On the outbreak of war in August 1914, Macready was immediately sent to France as Adjutant-General of the British Expeditionary Force (BEF). He was promoted to temporary lieutenant-general on 13 September. In June 1915, he was appointed Knight Commander of the Order of St Michael and St George (KCMG) in the 1915 Birthday Honours.

In February 1916, having carried out this job efficiently, he was recalled to London as Adjutant-General to the Forces, one of the most senior staff appointments in the British Army.

In December 1915, Macready was warned by Special Branch of the impending violence and Irish nationalist volunteer recruitment in Ireland, and from March 1916 was receiving warnings from daily police reports. At the War Office, civil servants as late as 10 April 1916, still believed there was no cause for concern in Ireland:

"I do not believe leaders mean insurrection," wrote Sir Matthew Nathan, "or that the Volunteers have sufficient arms to make it formidable if the leaders do mean it."
 Macready failed to understand the intentions of the nationalist leaders.

Macready advised General Maxwell (whose courts-martial sentenced several of the Easter Rising's leaders to be executed) not to delay, and not to be afraid of overstepping authority. He was promoted lieutenant-general in June 1916 (although he was already temporarily in that rank).

Macready was an enthusiastic proponent of the employment of female labour to free men to go to the front. He also abolished the compulsory maintenance of moustaches by the Army's officers and other ranks, and immediately shaved off his own, which he had hated.

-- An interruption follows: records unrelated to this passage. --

(* The following two statements are equivalent. (C) For every finite GCD-closed set $\mathcal{N}\subseteq\mathbb{N}^+$ with $\#\mathcal{N}\ge2$, there exist a prime $p$ and an integer $k\ge1$ such that $p^k$ divides at least one member of $\mathcal{N}$ and $\#\{n\in\mathcal{N}:p^k\mid n\}\le\tfrac12\#\mathcal{N}$. (D) (Intersection-closed sets conjecture) For every finite intersection-closed family $\mathcal{S}$ of finite sets with $\#\mathcal{S}\ge2$, there exists an element $x\in\bigcup\mathcal{S}$ such that $\#\{A\in\mathcal{S}:x\in A\}\le\tfrac12\#\mathcal{S}$.
   Context: $\mathbb{N}^+=\{1,2,3,\dots\}$. A nonempty $\mathcal{N}\subseteq\mathbb{N}^+$ is GCD-closed if $m,n\in\mathcal{N}$ implies $\gcd(m,n)\in\mathcal{N}$. A family $\mathcal{S}$ of sets is intersection-closed if $A,B\in\mathcal{S}$ implies $A\cap B\in\mathcal{S}$. *)

From mathcomp Require Import all_boot.
Set Implicit Arguments. Unset Strict Implicit. Unset Printing Implicit Defensive.

(* A finite set of positive integers is represented by a duplicate-free list. *)
Definition gcd_closed (N : seq nat) : Prop :=
  forall m n, m \in N -> n \in N -> gcdn m n \in N.

Definition statement_C : Prop :=
  forall N : seq nat,
    uniq N -> all (fun n => 0 < n) N -> gcd_closed N -> 2 <= size N ->
    exists p k : nat,
      [/\ prime p, 1 <= k, has (fun n => p ^ k %| n) N &
          2 * count (fun n => p ^ k %| n) N <= size N].

Definition inter_closed (T : finType) (S : {set {set T}}) : Prop :=
  forall A B, A \in S -> B \in S -> A :&: B \in S.

Definition statement_D : Prop :=
  forall (T : finType) (S : {set {set T}}),
    inter_closed S -> 2 <= #|S| ->
    exists x : T,
      x \in \bigcup_(A in S) A /\
      2 * #|[set A in S | x \in A]| <= #|S|.

From mathcomp Require Import all_boot.
Set Implicit Arguments. Unset Strict Implicit. Unset Printing Implicit Defensive.

(* Encode a family of subsets of T by giving each point its own prime and each
   set the product of the primes of its points: intersections become gcds and
   the sets containing x become the codes divisible by the prime of x, so (C)
   yields (D).  Conversely encode a positive integer by its set of prime-power
   divisors: this is injective, gcds become intersections, and the numbers
   divisible by p^k become the sets containing p^k, so (D) yields (C). *)

Lemma logn_prod_primes (I : finType) (A : {pred I}) (F : I -> nat) p :
  (forall i, prime (F i)) -> logn p (\prod_(i in A) F i) = \sum_(i in A) (p == F i).
Proof.
move=> F_prime.
suff [] : 0 < \prod_(i in A) F i /\ logn p (\prod_(i in A) F i) = \sum_(i in A) (p == F i) by [].
apply: (big_ind2 (fun a b => 0 < a /\ logn p a = b)); first by rewrite logn1.
  by move=> a1 b1 a2 b2 [a1_gt0 <-] [a2_gt0 <-]; rewrite muln_gt0 a1_gt0 a2_gt0 lognM.
by move=> i _; rewrite prime_gt0 ?logn_prime.
Qed.

Lemma logn_prod_inj_primes (I : finType) (A : {pred I}) (F : I -> nat) x :
  (forall i, prime (F i)) -> injective F -> logn (F x) (\prod_(i in A) F i) = (x \in A).
Proof.
move=> F_prime F_inj; rewrite logn_prod_primes //.
under eq_bigr => i _ do rewrite (inj_eq F_inj) eq_sym.
by rewrite -big_mkcondr /= big_andbC big_mkcondr big_pred1_eq; case: (x \in A).
Qed.

Definition next_prime m := s2val (prime_above m).

Lemma next_primeP m : m < next_prime m /\ prime (next_prime m).
Proof. by rewrite /next_prime; case: (prime_above m). Qed.

Definition nth_prime i := iter i.+1 next_prime 0.

Lemma nth_prime_prime i : prime (nth_prime i).
Proof. exact: (next_primeP _).2. Qed.

Lemma nth_prime_inj : injective nth_prime.
Proof.
apply: incn_inj; apply: leq_mono; apply: homo_ltn; first exact: ltn_trans.
by move=> i; exact: (next_primeP _).1.
Qed.

Lemma card_set_seq_count (T : finType) (s : seq T) (P : pred T) :
  uniq s -> #|[set x in [set:: s] | P x]| = count P s.
Proof.
move=> s_uniq; rewrite -size_filter -(card_uniqP (filter_uniq P s_uniq)).
by apply: eq_card => x; rewrite !inE mem_filter andbC.
Qed.

Lemma card_set_seq (T : finType) (s : seq T) : uniq s -> #|[set:: s]| = size s.
Proof.
move=> s_uniq; rewrite -(count_predT s) -card_set_seq_count //.
by apply: eq_card => x; rewrite !inE andbT.
Qed.

Lemma card_set_count (T : finType) (S : {set T}) (P : pred T) :
  #|[set x in S | P x]| = count P (enum S).
Proof. by rewrite -card_set_seq_count ?enum_uniq // set_enum. Qed.

Definition prime_power d := (1 < d) && (d == pdiv d ^ logn (pdiv d) d).

Lemma prime_powerP d :
  reflect (exists p k, [/\ prime p, 0 < k & d = p ^ k]) (prime_power d).
Proof.
apply: (iffP andP) => [[d_gt1 /eqP d_eq] | [p [[|k] [p_prime _ ->]]] //].
  exists (pdiv d), (logn (pdiv d) d); split; rewrite ?pdiv_prime //.
  by rewrite lt0n; apply: contraTneq d_gt1 => k0; rewrite d_eq k0.
by rewrite pdiv_pfactor // pfactorK // -{1}(expn0 p) ltn_exp2l ?prime_gt1.
Qed.

Section SetCode.

Variable T : finType.

Definition prime_code (x : T) := nth_prime (enum_rank x).

Lemma prime_code_inj : injective prime_code.
Proof. by move=> x y /nth_prime_inj /val_inj /enum_rank_inj. Qed.

Lemma prime_code_prime x : prime (prime_code x).
Proof. exact: nth_prime_prime. Qed.

Definition set_code (A : {set T}) := \prod_(x in A) prime_code x.

Lemma set_code_gt0 A : 0 < set_code A.
Proof. by apply: prodn_cond_gt0 => x _; exact: prime_gt0 (prime_code_prime x). Qed.

Lemma logn_set_code x A : logn (prime_code x) (set_code A) = (x \in A).
Proof. by apply: logn_prod_inj_primes; [exact: prime_code_prime | exact: prime_code_inj]. Qed.

Lemma logn_set_code_eq0 p A :
  (forall x, prime_code x != p) -> logn p (set_code A) = 0.
Proof.
move=> p_code; rewrite logn_prod_primes; last exact: prime_code_prime.
by apply: big1 => x _; rewrite eq_sym (negbTE (p_code x)).
Qed.

Lemma set_code_inj : injective set_code.
Proof.
move=> A B AB; apply/setP => x.
by have := logn_set_code x A; rewrite AB logn_set_code; case: (x \in A); case: (x \in B).
Qed.

Lemma gcd_set_code A B : gcdn (set_code A) (set_code B) = set_code (A :&: B).
Proof.
apply: eqn_from_log; rewrite ?gcdn_gt0 ?set_code_gt0 // => p.
rewrite logn_gcd ?set_code_gt0 //.
have [x /eqP <- | p_code] := pickP (fun x => prime_code x == p).
  by rewrite !logn_set_code inE; case: (x \in A); case: (x \in B).
by rewrite !logn_set_code_eq0 // => x; rewrite p_code.
Qed.

Lemma prime_code_dvd_set_code (x : T) A :
  (prime_code x %| set_code A) = (x \in A).
Proof.
rewrite -[prime_code x]expn1 pfactor_dvdn ?set_code_gt0 ?prime_code_prime //.
by rewrite logn_set_code; case: (x \in A).
Qed.

Lemma prime_power_dvd_set_code p k (A : {set T}) :
  prime p -> 0 < k -> p ^ k %| set_code A -> exists2 x, x \in A & p ^ k = prime_code x.
Proof.
move=> p_prime k_gt0; rewrite pfactor_dvdn ?set_code_gt0 //.
have [x /eqP <- | p_code] := pickP (fun x : T => prime_code x == p); last first.
  rewrite logn_set_code_eq0 ?leqn0 => [/eqP k0 | x]; last by rewrite p_code.
  by rewrite k0 in k_gt0.
rewrite logn_set_code => k_le.
have [-> x_A] : k = 1 /\ x \in A by move: k_le k_gt0; case: (x \in A); case: k => [|[]].
by exists x; rewrite ?expn1.
Qed.

End SetCode.

Section PrimePowerDivisors.

Variable M : nat.

(* Divisors above M are dropped, so this encoding is faithful only on [1, M]. *)
Definition pp_divisors n : {set 'I_M.+1} := [set d : 'I_M.+1 | prime_power d && (d %| n)].

Lemma pp_divisorsI m n : pp_divisors (gcdn m n) = pp_divisors m :&: pp_divisors n.
Proof. by apply/setP => d; rewrite !inE dvdn_gcd; case: (prime_power d). Qed.

Lemma logn_le_pp_divisors m n p :
  0 < m <= M -> 0 < n -> pp_divisors m \subset pp_divisors n -> logn p m <= logn p n.
Proof.
move=> /andP [m_gt0 m_le] n_gt0 /subsetP sub_mn.
have [-> // | log_gt0] := posnP (logn p m).
have p_prime : prime p by move: log_gt0; rewrite logn_gt0 mem_primes => /andP [].
have d_le : p ^ logn p m < M.+1 by rewrite ltnS (leq_trans (dvdn_leq m_gt0 (pfactor_dvdnn p m))).
have /sub_mn : Ordinal d_le \in pp_divisors m.
  by rewrite inE pfactor_dvdnn andbT; apply/prime_powerP; exists p, (logn p m).
by rewrite inE => /andP [_]; rewrite pfactor_dvdn.
Qed.

Lemma pp_divisors_inj : {in [pred n | 0 < n <= M] &, injective pp_divisors}.
Proof.
move=> m n /andP [m_gt0 m_le] /andP [n_gt0 n_le] eq_mn; apply: eqn_from_log => // p.
by apply/eqP; rewrite eqn_leq !logn_le_pp_divisors ?m_gt0 ?n_gt0 ?eq_mn.
Qed.

End PrimePowerDivisors.

Lemma statement_C_implies_D : statement_C -> statement_D.
Proof.
move=> C T S S_closed S_ge2.
pose N := [seq set_code A | A <- enum S].
have N_uniq : uniq N by rewrite map_inj_uniq ?enum_uniq //; exact: set_code_inj.
have N_pos : all (fun n => 0 < n) N by apply/allP => _ /mapP [A _ ->]; exact: set_code_gt0.
have N_closed : gcd_closed N.
  move=> _ _ /mapP [A + ->] /mapP [B + ->]; rewrite !mem_enum => A_S B_S.
  by rewrite gcd_set_code map_f // mem_enum; exact: S_closed.
have size_N : size N = #|S| by rewrite size_map -cardE.
have [p [k [p_prime k_gt0 /hasP [_ /mapP [A A_S ->] pk_dvd] N_count]]] :=
  C N N_uniq N_pos N_closed (leq_trans S_ge2 (eq_leq (esym size_N))).
have [x x_A pk_code] := prime_power_dvd_set_code p_prime k_gt0 pk_dvd.
rewrite mem_enum in A_S; exists x; split; first by apply/bigcupP; exists A.
move: N_count; rewrite pk_code count_map card_set_count size_N.
by under eq_count => B do rewrite /= prime_code_dvd_set_code.
Qed.

Lemma statement_D_implies_C : statement_D -> statement_C.
Proof.
move=> D N N_uniq N_pos N_closed N_ge2.
pose M := \max_(n <- N) n.
have N_bounded : {subset N <= [pred n | 0 < n <= M]}.
  by move=> n n_N; rewrite inE (allP N_pos) //= (@leq_bigmax_seq _ N xpredT id n n_N).
pose s := [seq pp_divisors M n | n <- N].
have s_uniq : uniq s.
  by rewrite map_inj_in_uniq // => m n /N_bounded m_N /N_bounded; exact: pp_divisors_inj.
pose S := [set:: s].
have S_closed : inter_closed S.
  move=> _ _ /[!inE] /mapP [m m_N ->] /mapP [n n_N ->].
  by rewrite -pp_divisorsI map_f ?N_closed.
have size_S : #|S| = size N by rewrite card_set_seq ?size_map.
have [d [/bigcupP [B] ] ] := D _ S S_closed (leq_trans N_ge2 (eq_leq (esym size_S))).
rewrite inE => /mapP [n n_N ->]; rewrite inE => /andP [d_pp d_n].
rewrite card_set_seq_count // size_S count_map => d_count.
have /prime_powerP [p [k [p_prime k_gt0 d_pk]]] := d_pp.
exists p, k; rewrite -d_pk; split => //; first by apply/hasP; exists n.
by move: d_count; under eq_count => m do rewrite /= inE d_pp.
Qed.

Theorem corollary2 : statement_C <-> statement_D.
Proof. by split; [exact: statement_C_implies_D | exact: statement_D_implies_C]. Qed.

On 8th October, 1916, the order allowing all ranks to grow or not to grow moustaches according to their fancy was signed... I dropped into a barber's shop and set the example that evening, as I was only too glad to be rid of the unsightly bristles to which I had for many years been condemned by obedience to regulations.

During the final stages of the Battle of Passchendaele, Macready warned (4 October 1917) that the BEF could be kept up to strength if it suffered no more than a further 50,000 casualties before the end of the year, but the total exceeded this. The BEF suffered an alarming rise in drunkenness, desertions and psychological disorders; reports were gathered of soldiers returning from the front grumbling about "the waste of life" at Ypres.

In September 1918 Macready was promoted full general and appointed Knight Grand Cross of the Order of St Michael and St George (GCMG). He had been mentioned in despatches four times during the war, been made a Grand Officier of the Légion d'honneur of France (1915), and a member of the Order of the Crown of Belgium, the Order of the Crown of Italy, and the Order of the Sacred Treasures of Japan.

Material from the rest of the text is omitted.